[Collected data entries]
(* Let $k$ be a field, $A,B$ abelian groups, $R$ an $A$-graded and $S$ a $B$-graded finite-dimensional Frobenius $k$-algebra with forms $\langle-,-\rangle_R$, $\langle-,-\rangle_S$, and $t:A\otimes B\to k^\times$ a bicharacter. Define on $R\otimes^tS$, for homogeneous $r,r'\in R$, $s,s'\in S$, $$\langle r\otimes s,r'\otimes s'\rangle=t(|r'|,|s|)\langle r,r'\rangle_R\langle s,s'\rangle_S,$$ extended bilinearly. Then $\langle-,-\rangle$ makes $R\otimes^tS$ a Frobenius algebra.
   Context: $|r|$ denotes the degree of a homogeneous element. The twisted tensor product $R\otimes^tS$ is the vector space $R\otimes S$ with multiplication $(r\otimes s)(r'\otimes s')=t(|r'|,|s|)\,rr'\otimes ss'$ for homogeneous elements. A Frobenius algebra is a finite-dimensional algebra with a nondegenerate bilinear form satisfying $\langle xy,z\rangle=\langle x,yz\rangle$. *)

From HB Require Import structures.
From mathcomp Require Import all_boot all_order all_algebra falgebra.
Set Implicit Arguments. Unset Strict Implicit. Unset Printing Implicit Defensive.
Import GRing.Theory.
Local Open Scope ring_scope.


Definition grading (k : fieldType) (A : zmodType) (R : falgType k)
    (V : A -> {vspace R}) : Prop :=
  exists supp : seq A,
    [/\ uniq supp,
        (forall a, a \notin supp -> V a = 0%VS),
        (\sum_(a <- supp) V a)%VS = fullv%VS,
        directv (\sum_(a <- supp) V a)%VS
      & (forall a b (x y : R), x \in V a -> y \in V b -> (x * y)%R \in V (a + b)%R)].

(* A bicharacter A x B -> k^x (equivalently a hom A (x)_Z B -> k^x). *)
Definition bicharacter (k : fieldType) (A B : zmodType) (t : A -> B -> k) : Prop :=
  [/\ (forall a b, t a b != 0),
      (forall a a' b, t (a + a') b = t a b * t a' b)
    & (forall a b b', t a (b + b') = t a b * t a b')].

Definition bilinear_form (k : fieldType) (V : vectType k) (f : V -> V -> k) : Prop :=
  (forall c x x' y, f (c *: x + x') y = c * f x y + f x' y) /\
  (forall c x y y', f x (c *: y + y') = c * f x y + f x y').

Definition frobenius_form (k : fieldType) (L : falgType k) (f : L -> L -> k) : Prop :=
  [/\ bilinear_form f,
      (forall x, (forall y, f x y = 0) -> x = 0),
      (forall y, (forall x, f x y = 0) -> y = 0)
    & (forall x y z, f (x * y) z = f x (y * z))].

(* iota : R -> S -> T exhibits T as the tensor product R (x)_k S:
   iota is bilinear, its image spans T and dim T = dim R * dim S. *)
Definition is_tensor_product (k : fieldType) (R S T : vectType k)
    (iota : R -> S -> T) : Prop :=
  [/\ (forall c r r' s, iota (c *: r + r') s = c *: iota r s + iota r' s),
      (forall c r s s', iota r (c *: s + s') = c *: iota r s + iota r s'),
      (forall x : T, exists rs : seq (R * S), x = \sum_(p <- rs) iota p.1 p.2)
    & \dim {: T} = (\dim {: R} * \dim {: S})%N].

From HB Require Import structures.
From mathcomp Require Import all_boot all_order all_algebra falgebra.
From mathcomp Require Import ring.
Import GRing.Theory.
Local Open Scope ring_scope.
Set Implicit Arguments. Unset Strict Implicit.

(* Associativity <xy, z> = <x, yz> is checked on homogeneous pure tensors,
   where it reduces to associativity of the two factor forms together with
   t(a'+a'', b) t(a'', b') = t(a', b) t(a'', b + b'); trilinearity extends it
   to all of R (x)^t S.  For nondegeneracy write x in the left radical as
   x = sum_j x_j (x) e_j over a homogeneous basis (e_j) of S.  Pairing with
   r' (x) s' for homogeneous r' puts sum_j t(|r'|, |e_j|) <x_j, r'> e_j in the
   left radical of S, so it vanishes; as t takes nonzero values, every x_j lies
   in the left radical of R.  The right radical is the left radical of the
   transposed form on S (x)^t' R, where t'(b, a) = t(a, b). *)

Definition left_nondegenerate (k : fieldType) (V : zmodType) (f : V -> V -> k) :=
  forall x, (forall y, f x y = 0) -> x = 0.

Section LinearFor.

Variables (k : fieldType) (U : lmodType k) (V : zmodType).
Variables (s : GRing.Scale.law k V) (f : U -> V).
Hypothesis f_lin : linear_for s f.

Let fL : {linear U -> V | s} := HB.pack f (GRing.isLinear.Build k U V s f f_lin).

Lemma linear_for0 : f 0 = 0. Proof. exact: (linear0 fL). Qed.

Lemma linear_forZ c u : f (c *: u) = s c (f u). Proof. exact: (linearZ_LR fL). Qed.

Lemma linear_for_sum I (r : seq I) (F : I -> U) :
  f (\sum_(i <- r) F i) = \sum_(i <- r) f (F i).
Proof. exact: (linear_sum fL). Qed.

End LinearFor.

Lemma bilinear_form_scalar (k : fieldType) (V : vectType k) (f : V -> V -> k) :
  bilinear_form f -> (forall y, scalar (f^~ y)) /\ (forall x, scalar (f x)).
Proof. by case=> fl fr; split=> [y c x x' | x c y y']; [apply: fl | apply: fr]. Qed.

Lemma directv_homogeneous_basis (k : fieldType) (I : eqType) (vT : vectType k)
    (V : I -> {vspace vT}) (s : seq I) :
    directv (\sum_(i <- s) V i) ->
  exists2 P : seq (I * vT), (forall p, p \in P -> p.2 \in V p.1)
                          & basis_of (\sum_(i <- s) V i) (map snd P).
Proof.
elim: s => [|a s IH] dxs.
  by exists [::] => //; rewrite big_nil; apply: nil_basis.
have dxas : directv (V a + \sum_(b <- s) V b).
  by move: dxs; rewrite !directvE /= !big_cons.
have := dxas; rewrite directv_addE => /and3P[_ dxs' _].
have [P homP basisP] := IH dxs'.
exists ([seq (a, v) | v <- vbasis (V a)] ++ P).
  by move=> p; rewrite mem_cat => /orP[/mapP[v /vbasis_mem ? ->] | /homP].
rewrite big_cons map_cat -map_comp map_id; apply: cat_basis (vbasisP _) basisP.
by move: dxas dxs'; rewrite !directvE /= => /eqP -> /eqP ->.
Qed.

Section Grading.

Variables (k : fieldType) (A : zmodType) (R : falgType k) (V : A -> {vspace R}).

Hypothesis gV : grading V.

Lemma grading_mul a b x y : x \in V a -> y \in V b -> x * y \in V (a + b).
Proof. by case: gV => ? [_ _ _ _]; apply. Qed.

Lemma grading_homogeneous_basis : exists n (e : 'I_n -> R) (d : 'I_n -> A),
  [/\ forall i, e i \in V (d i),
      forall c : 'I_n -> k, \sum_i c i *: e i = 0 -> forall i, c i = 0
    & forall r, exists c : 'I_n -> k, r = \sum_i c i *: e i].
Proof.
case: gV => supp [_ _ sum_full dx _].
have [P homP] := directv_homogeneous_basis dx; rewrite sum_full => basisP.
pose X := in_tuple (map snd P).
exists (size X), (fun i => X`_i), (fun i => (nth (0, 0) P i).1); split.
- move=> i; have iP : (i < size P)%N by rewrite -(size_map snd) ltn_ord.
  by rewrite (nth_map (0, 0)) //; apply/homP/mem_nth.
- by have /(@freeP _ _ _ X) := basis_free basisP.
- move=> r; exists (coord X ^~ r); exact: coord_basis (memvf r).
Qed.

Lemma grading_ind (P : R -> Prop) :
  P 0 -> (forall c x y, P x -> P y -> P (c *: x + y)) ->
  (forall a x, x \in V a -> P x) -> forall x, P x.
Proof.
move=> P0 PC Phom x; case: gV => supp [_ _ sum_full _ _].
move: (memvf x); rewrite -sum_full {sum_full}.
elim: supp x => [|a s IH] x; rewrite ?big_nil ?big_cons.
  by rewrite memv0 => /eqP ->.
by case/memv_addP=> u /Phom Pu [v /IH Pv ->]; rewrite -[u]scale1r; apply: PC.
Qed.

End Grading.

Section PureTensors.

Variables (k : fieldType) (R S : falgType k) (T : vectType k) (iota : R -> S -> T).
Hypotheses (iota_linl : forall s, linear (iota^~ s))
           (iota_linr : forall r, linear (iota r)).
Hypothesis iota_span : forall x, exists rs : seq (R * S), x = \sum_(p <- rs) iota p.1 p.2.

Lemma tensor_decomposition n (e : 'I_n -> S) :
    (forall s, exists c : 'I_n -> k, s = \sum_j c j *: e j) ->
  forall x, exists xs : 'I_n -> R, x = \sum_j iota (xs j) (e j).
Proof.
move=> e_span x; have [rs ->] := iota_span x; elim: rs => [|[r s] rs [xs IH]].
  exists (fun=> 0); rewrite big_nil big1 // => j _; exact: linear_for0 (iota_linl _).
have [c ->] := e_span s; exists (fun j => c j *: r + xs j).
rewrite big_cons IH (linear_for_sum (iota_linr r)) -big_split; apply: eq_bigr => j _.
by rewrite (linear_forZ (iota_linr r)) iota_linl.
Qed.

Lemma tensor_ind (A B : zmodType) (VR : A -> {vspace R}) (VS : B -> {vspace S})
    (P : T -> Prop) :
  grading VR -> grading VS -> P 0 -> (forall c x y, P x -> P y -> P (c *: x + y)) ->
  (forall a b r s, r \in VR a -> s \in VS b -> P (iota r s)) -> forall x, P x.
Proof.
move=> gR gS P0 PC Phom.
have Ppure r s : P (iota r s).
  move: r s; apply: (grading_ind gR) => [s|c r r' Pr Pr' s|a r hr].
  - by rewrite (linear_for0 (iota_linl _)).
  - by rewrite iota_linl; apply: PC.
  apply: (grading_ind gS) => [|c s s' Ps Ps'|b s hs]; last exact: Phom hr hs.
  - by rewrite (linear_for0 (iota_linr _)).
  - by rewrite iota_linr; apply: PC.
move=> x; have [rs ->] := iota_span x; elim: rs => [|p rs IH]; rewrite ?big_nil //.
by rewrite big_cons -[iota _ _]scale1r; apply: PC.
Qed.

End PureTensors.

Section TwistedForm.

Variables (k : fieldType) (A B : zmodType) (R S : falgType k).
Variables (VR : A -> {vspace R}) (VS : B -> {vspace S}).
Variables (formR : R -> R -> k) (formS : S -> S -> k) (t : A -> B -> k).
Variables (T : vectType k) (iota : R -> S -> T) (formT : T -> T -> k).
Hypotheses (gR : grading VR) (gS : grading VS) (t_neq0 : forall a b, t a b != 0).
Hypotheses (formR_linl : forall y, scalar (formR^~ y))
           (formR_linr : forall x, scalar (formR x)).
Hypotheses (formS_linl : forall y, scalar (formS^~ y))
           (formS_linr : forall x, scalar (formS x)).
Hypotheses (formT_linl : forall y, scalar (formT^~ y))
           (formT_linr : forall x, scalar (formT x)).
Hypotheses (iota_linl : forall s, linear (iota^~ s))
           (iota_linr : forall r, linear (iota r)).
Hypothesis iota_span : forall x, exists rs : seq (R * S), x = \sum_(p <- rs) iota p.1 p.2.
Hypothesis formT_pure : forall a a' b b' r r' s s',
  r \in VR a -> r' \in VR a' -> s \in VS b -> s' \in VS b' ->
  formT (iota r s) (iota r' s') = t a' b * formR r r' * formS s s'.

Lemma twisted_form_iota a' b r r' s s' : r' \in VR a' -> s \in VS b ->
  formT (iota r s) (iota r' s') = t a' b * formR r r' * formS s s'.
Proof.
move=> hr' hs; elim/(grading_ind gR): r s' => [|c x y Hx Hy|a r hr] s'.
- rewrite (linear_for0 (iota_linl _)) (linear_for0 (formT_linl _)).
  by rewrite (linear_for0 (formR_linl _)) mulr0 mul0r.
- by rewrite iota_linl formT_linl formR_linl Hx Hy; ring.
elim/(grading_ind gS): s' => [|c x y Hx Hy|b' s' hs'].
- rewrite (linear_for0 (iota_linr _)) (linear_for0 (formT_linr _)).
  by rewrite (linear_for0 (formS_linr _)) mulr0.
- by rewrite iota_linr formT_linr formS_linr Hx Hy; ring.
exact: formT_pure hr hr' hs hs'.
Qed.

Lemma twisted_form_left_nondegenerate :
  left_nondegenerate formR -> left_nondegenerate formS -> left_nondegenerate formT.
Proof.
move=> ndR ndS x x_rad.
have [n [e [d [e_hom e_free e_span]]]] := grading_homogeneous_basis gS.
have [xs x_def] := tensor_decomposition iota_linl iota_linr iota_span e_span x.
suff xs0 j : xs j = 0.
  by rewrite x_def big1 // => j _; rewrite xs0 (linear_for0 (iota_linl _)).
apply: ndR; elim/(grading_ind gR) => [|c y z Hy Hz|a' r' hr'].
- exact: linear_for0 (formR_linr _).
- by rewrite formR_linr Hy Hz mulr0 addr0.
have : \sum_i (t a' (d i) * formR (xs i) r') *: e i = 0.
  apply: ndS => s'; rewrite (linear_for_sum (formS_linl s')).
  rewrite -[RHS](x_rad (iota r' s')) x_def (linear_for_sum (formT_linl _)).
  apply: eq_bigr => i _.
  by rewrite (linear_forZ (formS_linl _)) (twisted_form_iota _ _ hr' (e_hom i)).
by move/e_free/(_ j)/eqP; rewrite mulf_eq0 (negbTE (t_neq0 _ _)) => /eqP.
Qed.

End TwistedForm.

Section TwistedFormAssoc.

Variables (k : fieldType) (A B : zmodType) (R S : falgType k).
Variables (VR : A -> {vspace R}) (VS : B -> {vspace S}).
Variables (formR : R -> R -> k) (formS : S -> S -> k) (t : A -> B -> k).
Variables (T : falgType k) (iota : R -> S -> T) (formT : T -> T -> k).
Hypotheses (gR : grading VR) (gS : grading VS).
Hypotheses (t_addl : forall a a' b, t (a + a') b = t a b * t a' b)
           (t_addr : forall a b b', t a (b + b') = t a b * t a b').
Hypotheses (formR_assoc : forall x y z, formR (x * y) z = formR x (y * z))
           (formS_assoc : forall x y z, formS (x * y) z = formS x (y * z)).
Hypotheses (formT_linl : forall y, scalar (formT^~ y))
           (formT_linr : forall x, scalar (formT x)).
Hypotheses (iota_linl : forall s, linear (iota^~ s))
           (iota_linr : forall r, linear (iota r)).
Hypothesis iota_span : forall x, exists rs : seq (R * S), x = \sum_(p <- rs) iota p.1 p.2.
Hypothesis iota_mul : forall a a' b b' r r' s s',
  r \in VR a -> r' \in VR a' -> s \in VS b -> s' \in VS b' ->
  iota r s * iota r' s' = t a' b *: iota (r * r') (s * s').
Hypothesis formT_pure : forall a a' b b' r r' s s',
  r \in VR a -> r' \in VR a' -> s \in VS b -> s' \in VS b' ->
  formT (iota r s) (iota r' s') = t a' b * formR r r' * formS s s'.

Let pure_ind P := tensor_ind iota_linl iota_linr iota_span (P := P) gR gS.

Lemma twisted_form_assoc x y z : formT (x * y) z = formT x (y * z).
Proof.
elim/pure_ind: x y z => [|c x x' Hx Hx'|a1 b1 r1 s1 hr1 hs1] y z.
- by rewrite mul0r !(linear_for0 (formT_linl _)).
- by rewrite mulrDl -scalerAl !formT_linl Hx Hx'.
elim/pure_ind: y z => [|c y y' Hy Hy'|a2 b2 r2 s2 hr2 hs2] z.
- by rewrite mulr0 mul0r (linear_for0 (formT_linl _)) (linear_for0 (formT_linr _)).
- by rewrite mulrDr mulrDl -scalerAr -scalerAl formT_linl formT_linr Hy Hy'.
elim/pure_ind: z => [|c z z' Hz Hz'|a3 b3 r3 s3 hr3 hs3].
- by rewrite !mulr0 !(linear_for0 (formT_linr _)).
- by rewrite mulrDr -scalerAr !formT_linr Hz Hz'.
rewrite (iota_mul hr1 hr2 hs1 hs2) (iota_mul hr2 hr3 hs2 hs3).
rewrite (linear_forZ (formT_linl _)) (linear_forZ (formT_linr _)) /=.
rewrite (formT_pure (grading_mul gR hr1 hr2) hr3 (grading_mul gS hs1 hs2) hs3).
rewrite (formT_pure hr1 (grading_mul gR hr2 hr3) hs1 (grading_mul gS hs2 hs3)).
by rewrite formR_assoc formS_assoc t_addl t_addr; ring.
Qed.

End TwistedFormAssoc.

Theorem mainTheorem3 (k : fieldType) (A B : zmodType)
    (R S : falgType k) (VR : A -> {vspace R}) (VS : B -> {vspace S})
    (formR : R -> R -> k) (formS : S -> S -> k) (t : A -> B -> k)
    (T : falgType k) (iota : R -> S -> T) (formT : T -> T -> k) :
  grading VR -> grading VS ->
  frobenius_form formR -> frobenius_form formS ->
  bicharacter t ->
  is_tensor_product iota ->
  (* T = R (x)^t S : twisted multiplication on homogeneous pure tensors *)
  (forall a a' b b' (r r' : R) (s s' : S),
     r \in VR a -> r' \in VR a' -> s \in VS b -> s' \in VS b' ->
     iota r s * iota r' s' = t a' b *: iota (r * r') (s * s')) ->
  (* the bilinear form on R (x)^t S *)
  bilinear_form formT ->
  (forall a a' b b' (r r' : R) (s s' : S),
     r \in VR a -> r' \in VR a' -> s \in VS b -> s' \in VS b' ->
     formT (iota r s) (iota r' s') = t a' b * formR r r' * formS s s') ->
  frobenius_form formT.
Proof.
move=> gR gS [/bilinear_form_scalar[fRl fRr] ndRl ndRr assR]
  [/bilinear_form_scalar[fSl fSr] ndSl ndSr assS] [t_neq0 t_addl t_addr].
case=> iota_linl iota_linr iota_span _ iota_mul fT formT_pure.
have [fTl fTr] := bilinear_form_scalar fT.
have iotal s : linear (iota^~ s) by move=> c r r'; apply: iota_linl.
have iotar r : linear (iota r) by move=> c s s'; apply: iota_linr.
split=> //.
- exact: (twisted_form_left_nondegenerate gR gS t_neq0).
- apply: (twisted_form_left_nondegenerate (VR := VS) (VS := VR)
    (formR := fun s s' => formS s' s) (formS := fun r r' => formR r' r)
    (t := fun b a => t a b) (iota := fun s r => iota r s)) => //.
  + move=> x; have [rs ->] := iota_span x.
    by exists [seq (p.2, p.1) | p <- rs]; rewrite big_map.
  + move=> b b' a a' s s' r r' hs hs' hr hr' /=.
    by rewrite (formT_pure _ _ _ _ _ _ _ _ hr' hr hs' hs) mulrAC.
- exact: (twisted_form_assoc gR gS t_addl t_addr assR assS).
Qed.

- [PROMPT]:
From the records above, pull out each line that has "scalerAl".

- [EXPECTED OUTPUT]:
- by rewrite mulrDl -scalerAl !formT_linl Hx Hx'.
- by rewrite mulrDr mulrDl -scalerAr -scalerAl formT_linl formT_linr Hy Hy'.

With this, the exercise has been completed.